Answer to Question #87227 in Abstract Algebra for albert

a.

i) Let "N(a + \\sqrt d b) = 0." It holds if and only if "|(a + \\sqrt d b) (a - \\sqrt d b)| = 0." It is true iff "(a + \\sqrt d b) (a - \\sqrt d b) = 0." Since "\\mathbb{Z}[\\sqrt d]" has no divisors of zero, we have either "a + \\sqrt d b = 0" or "a - \\sqrt d b = 0." And finally this holds if and only if "\\sqrt d b = a = 0."

ii) "N(xy) = |xy \\overline{xy}| = |x y \\bar{x} \\bar{y}| = |x \\bar{x} y \\bar{y}| = |x \\bar{x}||y \\bar{y}| = N(x)N(y)."

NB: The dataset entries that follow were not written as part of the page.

Lemma Pval_sub_harmonic_off (val val' : S -> S -> R) u :
  graph_preserving E fin fail val -> graph_preserving E fin fail val' ->
  (forall t, t != u -> val' t = val t) ->
  harmonic_off fin fail val u (fun t => Pval fin fail val' t - Pval fin fail val t).
Proof.
move=> gp gp' eq_val t nt tu.
rewrite (PvalE fin_neq_fail gp' nt) (PvalE fin_neq_fail gp nt) -sumrB.
by apply: eq_bigr => s _; rewrite eq_val // mulrBr.
Qed.

End Tilt.

Section ClassExit.
Variables (R : realType) (S : finType) (E : rel S) (fin fail : S).
Hypothesis fin_neq_fail : fin != fail.
Hypotheses (fin_sink : forall t, ~~ E fin t) (fail_sink : forall t, ~~ E fail t).
Hypothesis class_fail : eq_class R E fin fail fail = [set fail].

Lemma eq_classP s t :
  reflect (Defs.equiv R E fin fail s t) (t \in eq_class R E fin fail s).
Proof. by rewrite inE; apply: asboolP. Qed.

Lemma reach_fin t : t != fail -> connect E t fin.
Proof.
move=> tfail; apply: contraNT tfail => nr.
have : t \in eq_class R E fin fail fail.
  apply/eq_classP => val gp.
  by rewrite Pval_fail // (Pval_unreachable fin_neq_fail gp nr).
by rewrite class_fail inE.
Qed.

Lemma exit_separates s u v :
  is_exit E (eq_class R E fin fail s) u -> v \in eq_class R E fin fail s -> v != u ->
  ~~ connect (avoid E u) v fin.
Proof.
case/is_exitP=> /eq_classP s_u [a Eua /eq_classP s_na] /eq_classP s_v vu.
apply/negP => rv; move/existsNP: s_na => [val /not_implyP[gp Pval_sa]].
have gp' := tilt_graph_preserving gp Eua.
have Pval_tilt t : Pval fin fail (tilt val u a) t = Pval fin fail val t.
  apply/eqP; rewrite -subr_eq0; apply/eqP; move: t.
  apply: (harmonic_eq0 fin_sink fail_sink gp reach_fin _ _ _ vu rv).
  - by apply: (Pval_sub_harmonic_off fin_neq_fail gp gp') => t; exact: tilt_other.
  - by rewrite !Pval_fin subrr.
  - by rewrite !(Pval_fail fin_neq_fail) subrr.
  - by rewrite -(s_v _ gp) -(s_v _ gp') -(s_u _ gp) -(s_u _ gp').
have nt := edge_nontarget fin_sink fail_sink Eua.
have : Pval fin fail val u = (Pval fin fail val u + Pval fin fail val a) / 2.
  rewrite -{1}Pval_tilt (PvalE fin_neq_fail gp' nt) tilt_row_sum Pval_tilt.
  by under eq_bigr do rewrite Pval_tilt; rewrite -(PvalE fin_neq_fail gp nt).
by move=> half; apply: Pval_sa; rewrite (s_u _ gp); lra.
Qed.

End ClassExit.

Local Close Scope ring_scope.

iii) If "N(x) = 1" and "x = a + \\sqrt d b," we clearly have "\\pm N(x) = (a + \\sqrt d b) (a - \\sqrt d b) = a^2 - db^2 = \\pm 1." Then "x" is unit.

Now suppose that "x" is unit. Then we have "N(x)N(x^{-1}) = N(x x^{-1}) = N(1) = 1." But then the only possible value for "N(x)" is "1," since "N(x) \\in \\mathbb{N}."

iv) Let "N(x)" be prime and "x" be not irreducible. Then "x" can be represented as "x = ab," where "a" and "b" are not equal to one. Then "N(x) = N(ab) = N(a) N(b)." By iii) we have that "N(a)N(b) \\not= 1." And "N(x) \\not= 1." Contradiction.

b.

We will prove that "\\mathbb{C}" and "\\mathbb{R}" are not isomorphic.

Suppose the contrary: there exists an isomorphism "f: \\mathbb{C} \\to \\mathbb{R}." Then we must have "f(1) = 1." Also "f(-1)^2 = f((-1)^2) = 1." Hence we have "f(i)^2 = f(i^2) = f(-1) = -1," contradiction.